[julia-users] Simple benchmark improvement question

2014-09-30 Thread dextorious
Greetings,

I'm a reasonably proficient user of MATLAB and Python/NumPy/SciPy doing 
computational physics. Since Julia appears to be designed to be very well 
suited to many such applications, I was curious to test its performance 
before investing much time in converting any research code. To start out, I 
wrote up the classic 2D regular finite difference Laplace benchmark in 
Julia, Python and MATLAB in both vectorized and loop versions and tested 
them all. 

The results shown in the following Google spreadsheet (all results obtained 
using a 5000x5000 grid and doing 100 iterations for a reasonable sample 
using a Haswell i7-4710HQ CPU on Windows 8.1, using Julia 0.3.1, Anaconda 
2.0.1 and MATLAB R2014a):
https://docs.google.com/spreadsheets/d/1mJ8wNiyYVszkVapRVHvRJZG9j9XQhLLPvaUJwiWrJXY/pubhtml

The code itself is published as follows:
Julia: http://pastebin.com/AAdXXYZC
Python: http://pastebin.com/5hqi9xzf

As can be clearly seen, Julia does handily beat both MATLAB and basic 
Python/NumPy. It does however lose by a factor of 1.65 to a Numba-jitted 
version of the same Python code (obtained by simply adding a 
@jit(target='cpu') decorator on top of the appropriate function in naive 
Python code), which compiles to the same LLVM stack Julia uses. I 
deliberately avoided using more complex JIT techniques for Python (such as 
using Pythran to compile to OpenMP-enabled C code by specifying function 
signatures) to stick to single core performance only.

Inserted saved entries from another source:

(* Pairing [v K = lam v B] with the conjugate of [v] gives [lam] as a ratio
   of two real quadratic forms. *)
Lemma pencil_complex_eigenvalue_real n (K B : 'M[R]_n) (lam : C) (v : 'rV[C]_n) :
  K^T = K -> spd B -> v != 0 -> v *m map_mx f K = lam *: (v *m map_mx f B) ->
  exists t : R, lam = f t.
Proof.
move=> Ks [Bs Bp] vN0 vK.
set a := map_mx (@complex.Re R) v; set b := map_mx (@complex.Im R) v.
have vE : v = map_mx f a + 'i%C *: map_mx f b.
  by apply/matrixP=> i j; rewrite !mxE; exact: complexE.
have := congr1 (fun X => (X *m (map_mx f a - 'i%C *: map_mx f b)^T) 0 0) vK.
rewrite /= -scalemxAl {1 2}vE !map_complex_hermitian_form // => vKv.
have eq_lam : f (qform K a^T + qform K b^T) = lam * f (qform B a^T + qform B b^T).
  by move: vKv; rewrite /qform !trmxK !mxE.
set qK := _ + _ in eq_lam; set qB := _ + _ in eq_lam.
have qB_gt0 : 0 < qB.
  have qB_ge0 x : 0 <= qform B x by apply: spd_qform_ge0.
  have [a0|aN0] := eqVneq a 0.
    have [b0|bN0] := eqVneq b 0.
      by move: vN0; rewrite vE a0 b0 !map_mx0 scaler0 addr0 eqxx.
    by rewrite /qB addrC ltr_wpDr // Bp // trmx_eq0.
  by rewrite /qB ltr_wpDr // Bp // trmx_eq0.
exists (qK / qB); have fqB : f qB != 0 by rewrite (inj_eq (@complexI R)) gt_eqF.
by rewrite fmorph_div /= eq_lam mulfK.
Qed.

Lemma pencil_real_eigenpair n (K B : 'M[R]_n) : (0 < n)%N -> K^T = K -> spd B ->
  exists lam (u : 'cV[R]_n), u != 0 /\ K *m u = lam *: (B *m u).
Proof.
move=> n_gt0 Ks Bspd; set A := K *m invmx B.
have AB : A *m B = K by rewrite /A mulmxKV ?spd_unitmx.
have [lam /eigenvalueP [v vA vN0]] := eigenvalue_closed (map_mx f A) n_gt0.
have [t lamE] : exists t : R, lam = f t.
  apply: pencil_complex_eigenvalue_real Ks Bspd vN0 _.
  by rewrite -AB map_mxM mulmxA vA -scalemxAl.
have : eigenvalue (map_mx f A) (f t) by apply/eigenvalueP; exists v; rewrite -?lamE.
rewrite eigenvalue_root_char -map_char_poly fmorph_root -eigenvalue_root_char.
case/eigenvalueP=> z zA zN0; exists t, z^T; split; first by rewrite trmx_eq0.
have zK : z *m K = t *: (z *m B) by rewrite -AB mulmxA zA -scalemxAl.
by rewrite -{1}Ks -(proj1 Bspd) -!trmx_mul zK linearZ.
Qed.

Lemma spd_normalize n (B : 'M[R]_n) (u : 'cV[R]_n) : spd B -> u != 0 ->
  let w := (Num.sqrt (qform B u))^-1 *: u in w^T *m B *m w = 1%:M.
Proof.
move=> [_ Bp] uN0 w; have s_gt0 : 0 < qform B u by apply: Bp.
rewrite /w !linearZ /= -!scalemxAl [u^T *m B *m u]mx11_scalar.
rewrite -/(qform B u) !scale_scalar_mx mulrA -expr2 exprVn sqr_sqrtr ?ltW //.
by rewrite mulVf ?gt_eqF.
Qed.

Lemma pencil_unit_eigenpair n (K B : 'M[R]_n) : (0 < n)%N -> K^T = K -> spd B ->
  exists lam (w : 'cV[R]_n), w^T *m B *m w = 1%:M /\ K *m w = lam *: (B *m w).
Proof.
move=> n_gt0 Ks Bspd; have [lam [u [uN0 Ku]]] := pencil_real_eigenpair n_gt0 Ks Bspd.
exists lam, ((Num.sqrt (qform B u))^-1 *: u); split; first exact: spd_normalize.
by rewrite -!scalemxAr Ku scalerA mulrC -scalerA.
Qed.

Given these results and the virtual given that my Julia code is naive, 
non-idiomatic and just plain bad, I'd like to know if there's anything I 
could improve to match or (if possible) beat JIT-compiled Python. 


Re: [julia-users] Simple benchmark improvement question

2014-09-30 Thread Stefan Karpinski
Your code looks quite good – and the devectorized version avoids creating
copies of slices, which is currently one of the major performance issues
with this kind of code (to be fixed in the next major release). You can see
the inferred types of all the local variables like this: (@code_typed
laplace_unvectorized())[1].args[2][2] – and everything has a concrete type,
so there's nothing to improve in terms of typing.

Adding the @inbounds annotation to the innermost for loop was one of the
first things I thought to try, but that doesn't seem to have any benefit –
I think the array accesses are all inlined and LLVM can hoist the bounds
checks out of the loop (or eliminate them entirely).

What does end up making a big difference is swapping the iteration order of
i and j. Instead of doing `for i=2:nx-1, j=2:ny-1` do `for j=2:ny-1,
i=2:nx-1` – I don't recall whether NumPy arrays are row-major (I think they
are) but Julia is column-major like Fortran and you want to iterate along
columns innermost. On my machine, doing it in the original order is 1.61x
slower, which may be exactly the explanation of the difference you're
seeing between Julia and Numba.

On Tue, Sep 30, 2014 at 7:08 PM, dextori...@gmail.com wrote:

 Greetings,

 I'm a reasonably proficient user of MATLAB and Python/NumPy/SciPy doing
 computational physics. Since Julia appears to be designed to be very well
 suited to many such applications, I was curious to test its performance
 before investing much time in converting any research code. To start out, I
 wrote up the classic 2D regular finite difference Laplace benchmark in
 Julia, Python and MATLAB in both vectorized and loop versions and tested
 them all.

 The results shown in the following Google spreadsheet (all results
 obtained using a 5000x5000 grid and doing 100 iterations for a reasonable
 sample using a Haswell i7-4710HQ CPU on Windows 8.1, using Julia 0.3.1,
 Anaconda 2.0.1 and MATLAB R2014a):

 https://docs.google.com/spreadsheets/d/1mJ8wNiyYVszkVapRVHvRJZG9j9XQhLLPvaUJwiWrJXY/pubhtml

 The code itself is published as follows:
 Julia: http://pastebin.com/AAdXXYZC
 Python: http://pastebin.com/5hqi9xzf

 As can be clearly seen, Julia does handily beat both MATLAB and basic
 Python/NumPy. It does however lose by a factor of 1.65 to a Numba-jitted
 version of the same Python code (obtained by simply adding a
 @jit(target='cpu') decorator on top of the appropriate function in naive
 Python code), which compiles to the same LLVM stack Julia uses. I
 deliberately avoided using more complex JIT techniques for Python (such as
 using Pythran to compile to OpenMP-enabled C code by specifying function
 signatures) to stick to single core performance only.

 Given these results and the virtual given that my Julia code is naive,
 non-idiomatic and just plain bad, I'd like to know if there's anything I
 could improve to match or (if possible) beat JIT-compiled Python.